艶やな白菊
- ★★★ Excellent!!!
日本文学とは詩詞によって形成されたもの、と論じた丸谷才一の『日本文学史早わかり』。西洋の文学史の方法では、日本文学史はうまく読み解くことはできぬ、との見解からものされた卓抜した傑作評論。それを本作を再読し、思いおこされました。
詩詞と散文はちがう、という反論は当然ありますでしょう。そういう方は、まず謙虚に、虚心に向き合う(読む)べきではないでしょうか。丸谷才一の評論を。泉鏡花の作品を。
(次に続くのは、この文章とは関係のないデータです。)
(* Let $C$ be a unital countably quantifier-free saturated C*-algebra and $B$ a separable C*-subalgebra of $C$. If $\Phi\colon B\to C$ is an approximately inner injective *-homomorphism, then there is a unitary $u\in C$ with $\Phi(b)=ubu^*$ for all $b\in B$.
   Context: $\Phi\colon B\to C$ is approximately inner if for every $\varepsilon>0$ and every finite $F\subseteq B$ there is a unitary $u\in C$ with $\|\Phi(a)-uau^*\|<\varepsilon$ for all $a\in F$. For $F\subseteq\mathbb R$, $\varepsilon>0$, $F_\varepsilon=\{x:\operatorname{dist}(x,F)\le\varepsilon\}$. $C$ is countably quantifier-free saturated if for every sequence $P_n(\bar x)$ of *-polynomials with coefficients in $C$ in variables $x_k$ ($k\in\mathbb N$) and compact $K_n\subseteq\mathbb R$, the following are equivalent: (i) there are $b_k$ in the unit ball of $C$ with $\|P_n(\bar b)\|\in K_n$ for all $n$; (ii) for every $m$ there are $b_k$ in the unit ball with $\|P_n(\bar b)\|\in(K_n)_{1/m}$ for all $n\le m$. *)

From Stdlib Require Import Reals Lra List.
From Stdlib Require Import Rtopology.
Open Scope R_scope.

Record Cpx := mkC { cre : R; cim : R }.
Definition C0 : Cpx := mkC 0 0.
Definition C1 : Cpx := mkC 1 0.
Definition Cadd (a b : Cpx) : Cpx := mkC (cre a + cre b) (cim a + cim b).
Definition Cmul (a b : Cpx) : Cpx :=
  mkC (cre a * cre b - cim a * cim b) (cre a * cim b + cim a * cre b).
Definition Cconj (a : Cpx) : Cpx := mkC (cre a) (- cim a).
Definition Cabs (a : Cpx) : R := sqrt (cre a * cre a + cim a * cim a).

Record CstarAlgebra := {
  car :> Type;
  zero : car;
  add : car -> car -> car;
  opp : car -> car;
  mul : car -> car -> car;
  scal : Cpx -> car -> car;
  star : car -> car;
  norm : car -> R;
  add_assoc : forall x y z, add x (add y z) = add (add x y) z;
  add_comm : forall x y, add x y = add y x;
  add_zero : forall x, add x zero = x;
  add_opp : forall x, add x (opp x) = zero;
  scal_one : forall x, scal C1 x = x;
  scal_assoc : forall a b x, scal a (scal b x) = scal (Cmul a b) x;
  scal_addr : forall a x y, scal a (add x y) = add (scal a x) (scal a y);
  scal_addl : forall a b x, scal (Cadd a b) x = add (scal a x) (scal b x);
  mul_assoc : forall x y z, mul x (mul y z) = mul (mul x y) z;
  mul_addr : forall x y z, mul x (add y z) = add (mul x y) (mul x z);
  mul_addl : forall x y z, mul (add x y) z = add (mul x z) (mul y z);
  mul_scall : forall a x y, mul (scal a x) y = scal a (mul x y);
  mul_scalr : forall a x y, mul x (scal a y) = scal a (mul x y);
  star_invol : forall x, star (star x) = x;
  star_add : forall x y, star (add x y) = add (star x) (star y);
  star_scal : forall a x, star (scal a x) = scal (Cconj a) (star x);
  star_mul : forall x y, star (mul x y) = mul (star y) (star x);
  norm_eq0 : forall x, norm x = 0 -> x = zero;
  norm_triangle : forall x y, norm (add x y) <= norm x + norm y;
  norm_scal : forall a x, norm (scal a x) = Cabs a * norm x;
  norm_mul : forall x y, norm (mul x y) <= norm x * norm y;
  norm_cstar : forall x, norm (mul (star x) x) = norm x * norm x;
  complete : forall u : nat -> car,
    (forall eps, eps > 0 -> exists N, forall n m, (n >= N)%nat -> (m >= N)%nat ->
       norm (add (u n) (opp (u m))) < eps) ->
    exists l, forall eps, eps > 0 -> exists N, forall n, (n >= N)%nat ->
       norm (add (u n) (opp l)) < eps
}.

Arguments zero {c}. Arguments add {c}. Arguments opp {c}. Arguments mul {c}.
Arguments scal {c}. Arguments star {c}. Arguments norm {c}.

Definition sub {A : CstarAlgebra} (x y : A) : A := add x (opp y).

Definition is_unit {A : CstarAlgebra} (e : A) : Prop :=
  forall x, mul e x = x /\ mul x e = x.

Definition unital (A : CstarAlgebra) : Prop := exists e : A, is_unit e.

Definition unitary {A : CstarAlgebra} (e u : A) : Prop :=
  mul (star u) u = e /\ mul u (star u) = e.

Definition converges_to {A : CstarAlgebra} (u : nat -> A) (l : A) : Prop :=
  forall eps, eps > 0 -> exists N, forall n, (n >= N)%nat -> norm (sub (u n) l) < eps.

Definition cstar_subalgebra {A : CstarAlgebra} (S : A -> Prop) : Prop :=
  S zero /\
  (forall x y, S x -> S y -> S (add x y)) /\
  (forall a x, S x -> S (scal a x)) /\
  (forall x y, S x -> S y -> S (mul x y)) /\
  (forall x, S x -> S (star x)) /\
  (forall (u : nat -> A) l, (forall n, S (u n)) -> converges_to u l -> S l).

Definition separable_set {A : CstarAlgebra} (S : A -> Prop) : Prop :=
  exists d : nat -> A, (forall n, S (d n)) /\
    forall x, S x -> forall eps, eps > 0 -> exists n, norm (sub x (d n)) < eps.

(* Phi : S -> A is an injective *-homomorphism (values of Phi off S are irrelevant) *)
Definition injective_star_hom {A : CstarAlgebra} (S : A -> Prop) (Phi : A -> A) : Prop :=
  (forall x y, S x -> S y -> Phi (add x y) = add (Phi x) (Phi y)) /\
  (forall a x, S x -> Phi (scal a x) = scal a (Phi x)) /\
  (forall x y, S x -> S y -> Phi (mul x y) = mul (Phi x) (Phi y)) /\
  (forall x, S x -> Phi (star x) = star (Phi x)) /\
  (forall x y, S x -> S y -> Phi x = Phi y -> x = y).

Definition approx_inner {A : CstarAlgebra} (e : A) (S : A -> Prop) (Phi : A -> A) : Prop :=
  forall eps, eps > 0 -> forall F : list A, (forall a, In a F -> S a) ->
    exists u : A, unitary e u /\
      forall a, In a F -> norm (sub (Phi a) (mul (mul u a) (star u))) < eps.

Inductive spoly (A : CstarAlgebra) : Type :=
| PVar : nat -> spoly A
| PCst : A -> spoly A
| PAdd : spoly A -> spoly A -> spoly A
| PScal : Cpx -> spoly A -> spoly A
| PMul : spoly A -> spoly A -> spoly A
| PStar : spoly A -> spoly A.

Fixpoint peval {A : CstarAlgebra} (b : nat -> A) (P : spoly A) : A :=
  match P with
  | PVar _ k => b k
  | PCst _ a => a
  | PAdd _ p q => add (peval b p) (peval b q)
  | PScal _ c p => scal c (peval b p)
  | PMul _ p q => mul (peval b p) (peval b q)
  | PStar _ p => star (peval b p)
  end.

(* F_eps = { x | dist(x,F) <= eps }, with dist(x,F) = inf_{y in F} |x-y|
   (so dist(x, empty) = +infinity); "inf <= eps" unfolded *)
Definition fatten (F : R -> Prop) (eps : R) : R -> Prop :=
  fun x => forall delta, delta > 0 -> exists y, F y /\ Rabs (x - y) < eps + delta.

Definition in_unit_ball {A : CstarAlgebra} (b : nat -> A) : Prop :=
  forall k, norm (b k) <= 1.

Definition countably_qf_saturated (A : CstarAlgebra) : Prop :=
  forall (P : nat -> spoly A) (K : nat -> R -> Prop),
    (forall n, compact (K n)) ->
    ((exists b : nat -> A, in_unit_ball b /\ forall n, K n (norm (peval b (P n))))
     <->
     (forall m : nat, (m >= 1)%nat ->
        exists b : nat -> A, in_unit_ball b /\
          forall n, (n <= m)%nat -> fatten (K n) (/ INR m) (norm (peval b (P n))))).

From Pilot Require Import Defs.
From Stdlib Require Import Reals List.
From Stdlib Require Import Lra Psatz Rtopology Lia.
Open Scope R_scope.

(* Fix a dense sequence (d k) of B.  Saturation is applied to the countable
   family of *-polynomial conditions in one variable x
       x* x - e = 0,   x x* - e = 0,   Phi(d k) - x (d k) x* = 0   (k : nat),
   each with target set K = {0}.  Approximate innerness on the finite set
   {d 0, ..., d m} gives, for every m, a unitary satisfying the first m
   conditions up to 1/m; saturation then yields an exact solution u, i.e. a
   unitary with Phi(d k) = u (d k) u* for all k.  Finally a density argument,
   again using approximate innerness and the fact that conjugation by a unitary
   is norm-nonincreasing, extends the identity Phi(b) = u b u* to all of B. *)

(* The scalar -1, used to express subtraction inside *-polynomials. *)
Definition m1 : Cpx := mkC (-1) 0.

Definition conj_by {A : CstarAlgebra} (u a : A) : A := mul (mul u a) (star u).

Section Elementary.

Variable A : CstarAlgebra.

Lemma add_zero_l (x : A) : add zero x = x.
Proof. rewrite add_comm; apply add_zero. Qed.

Lemma opp_unique (x y : A) : add x y = zero -> y = opp x.
Proof.
  intro Hxy.
  transitivity (add (add (opp x) x) y).
  - rewrite (add_comm _ (opp x) x), add_opp, add_zero_l; reflexivity.
  - rewrite <- add_assoc, Hxy, add_zero; reflexivity.
Qed.

Lemma add_idem_zero (a : A) : add a a = a -> a = zero.
Proof.
  intro Ha. transitivity (add (add a a) (opp a)).
  - rewrite <- add_assoc, add_opp, add_zero; reflexivity.
  - rewrite Ha; apply add_opp.
Qed.

Lemma scal0 (x : A) : scal C0 x = zero.
Proof.
  apply add_idem_zero. rewrite <- scal_addl. f_equal.
  unfold Cadd, C0; simpl; f_equal; ring.
Qed.

(* The additive inverse is scaling by -1; this lets linearity of the algebra
   operations in the scalar argument be used for subtraction. *)
Lemma opp_scal (x : A) : opp x = scal m1 x.
Proof.
  symmetry; apply opp_unique.
  rewrite <- (scal_one A x) at 1. rewrite <- scal_addl.
  replace (Cadd Defs.C1 m1) with C0 by (unfold Cadd, C0, Defs.C1, m1; simpl; f_equal; ring).
  apply scal0.
Qed.

Lemma opp_opp (x : A) : opp (opp x) = x.
Proof. symmetry. apply opp_unique. rewrite add_comm. apply add_opp. Qed.

Lemma sub_eq0 (x y : A) : sub x y = zero -> x = y.
Proof.
  intro Hxy. apply opp_unique in Hxy.
  rewrite <- (opp_opp x), <- Hxy, opp_opp. reflexivity.
Qed.

Lemma sub_chain (x y z : A) : add (sub x y) (sub y z) = sub x z.
Proof.
  unfold sub. rewrite <- add_assoc. f_equal.
  rewrite add_assoc, (add_comm _ (opp y) y), add_opp, add_zero_l. reflexivity.
Qed.

Lemma mul_sub_l (u b d : A) : mul u (sub b d) = sub (mul u b) (mul u d).
Proof. unfold sub. rewrite mul_addr, !opp_scal, mul_scalr. reflexivity. Qed.

Lemma mul_sub_r (u b d : A) : mul (sub b d) u = sub (mul b u) (mul d u).
Proof. unfold sub. rewrite mul_addl, !opp_scal, mul_scall. reflexivity. Qed.

Lemma norm_zero : norm (@zero A) = 0.
Proof.
  rewrite <- (scal0 zero), norm_scal.
  unfold Cabs, C0; simpl. replace (0*0+0*0) with 0 by ring. rewrite sqrt_0; ring.
Qed.

Lemma norm_opp (x : A) : norm (opp x) = norm x.
Proof.
  rewrite opp_scal, norm_scal.
  unfold Cabs, m1; simpl. replace (-1 * -1 + 0*0) with 1 by ring. rewrite sqrt_1; ring.
Qed.

Lemma norm_nonneg (x : A) : 0 <= norm x.
Proof.
  pose proof (norm_triangle A x (opp x)) as Htri.
  rewrite add_opp, norm_zero, norm_opp in Htri. lra.
Qed.

Lemma dist_triangle (x y z : A) :
  norm (sub x z) <= norm (sub x y) + norm (sub y z).
Proof. rewrite <- (sub_chain x y z). apply norm_triangle. Qed.

Lemma dist_sym (x y : A) : norm (sub x y) = norm (sub y x).
Proof.
  assert (Hyx : sub y x = opp (sub x y)).
  { apply opp_unique. rewrite sub_chain. unfold sub. apply add_opp. }
  rewrite Hyx, norm_opp. reflexivity.
Qed.

Lemma dist_arbitrarily_small (x y : A) :
  (forall eps, eps > 0 -> norm (sub x y) < eps) -> x = y.
Proof.
  intro Hsmall. apply sub_eq0, norm_eq0.
  destruct (Rle_lt_or_eq_dec 0 _ (norm_nonneg (sub x y))) as [Hpos|Hzero]; auto.
  specialize (Hsmall _ Hpos). lra.
Qed.

End Elementary.

Section Unitaries.

Variable A : CstarAlgebra.
Variable e : A.
Hypothesis He : is_unit e.

(* By the C*-identity the unit is self-adjoint of norm at most 1. *)
Lemma unit_norm : norm e <= 1.
Proof.
  assert (Hs : star e = e).
  { assert (H1 : mul (star e) e = star e) by apply (proj2 (He (star e))).
    assert (H2 : star (mul (star e) e) = mul (star e) e).
    { rewrite star_mul, star_invol. reflexivity. }
    rewrite H1, star_invol in H2. congruence. }
  pose proof (norm_cstar A e) as Hc. rewrite Hs, (proj1 (He e)) in Hc.
  pose proof (norm_nonneg A e). nra.
Qed.

Lemma unitary_norm (u : A) : unitary e u -> norm u <= 1 /\ norm (star u) <= 1.
Proof.
  intros [H1 H2]. pose proof unit_norm.
  pose proof (norm_cstar A u) as Hu. pose proof (norm_cstar A (star u)) as Hus.
  rewrite star_invol in Hus. rewrite H1 in Hu. rewrite H2 in Hus.
  pose proof (norm_nonneg A u). pose proof (norm_nonneg A (star u)).
  split; nra.
Qed.

Lemma conj_by_lipschitz (v a b : A) : unitary e v ->
  norm (sub (conj_by v a) (conj_by v b)) <= norm (sub a b).
Proof.
  intro Hv. destruct (unitary_norm v Hv) as [N1 N2]. unfold conj_by.
  rewrite <- mul_sub_r, <- mul_sub_l.
  pose proof (norm_mul A (mul v (sub a b)) (star v)).
  pose proof (norm_mul A v (sub a b)).
  pose proof (norm_nonneg A v). pose proof (norm_nonneg A (star v)).
  pose proof (norm_nonneg A (sub a b)). pose proof (norm_nonneg A (mul v (sub a b))).
  nra.
Qed.

End Unitaries.

(* Saturation with all target sets equal to {0}: if a countable family of
   *-polynomials can be made simultaneously small (the first m of them below
   1/m) in the unit ball, then it has an exact common zero in the unit ball. *)
Lemma saturation_common_zero (A : CstarAlgebra) (P : nat -> spoly A) :
  countably_qf_saturated A ->
  (forall m, (m >= 1)%nat -> exists b : nat -> A, in_unit_ball b /\
     forall n, (n <= m)%nat -> norm (peval b (P n)) < / INR m) ->
  exists b : nat -> A, in_unit_ball b /\ forall n, peval b (P n) = zero.
Proof.
  intros Hsat Happrox.
  set (K := fun (_ : nat) (r : R) => 0 <= r <= 0).
  destruct (proj2 (Hsat P K (fun _ => compact_P3 0 0))) as [b [Hb HK]].
  - intros m Hm. destruct (Happrox m Hm) as [b [Hb Hsmall]].
    exists b. split; [exact Hb|].
    intros n Hn delta Hdelta. exists 0. split; [unfold K; lra|].
    specialize (Hsmall n Hn).
    rewrite Rminus_0_r, Rabs_pos_eq by apply norm_nonneg. lra.
  - exists b. split; [exact Hb|].
    intro n. apply norm_eq0. destruct (HK n); lra.
Qed.

Section ExactOnDenseSequence.

Variable C : CstarAlgebra.
Variable e : C.
Variable Phi : C -> C.
Variable d : nat -> C.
さすればその作品が日本文学の脈々たる系譜を受け継いでいることを看取できるはずです。その在り方からしても。当時はすでにドストエフスキーやトルストイが翻訳されてあって、文学をする者の必読となっていたようですけれども、泉鏡花はあえて時流に背をむけられましたからね。
それでいて観念的な美文に流れず、写実的であったり視点の切り替えーー映画から導き出した手法であるようですーーだの語りのからくりだの諧謔だのがあったりもして、決して古臭くないし、けざやかに訴えてくるものがありますね。なにより、おもしろいですよね。徒花のようでいて、正当な白菊。
決して朽ちることのない、嬋娟たる佳品です。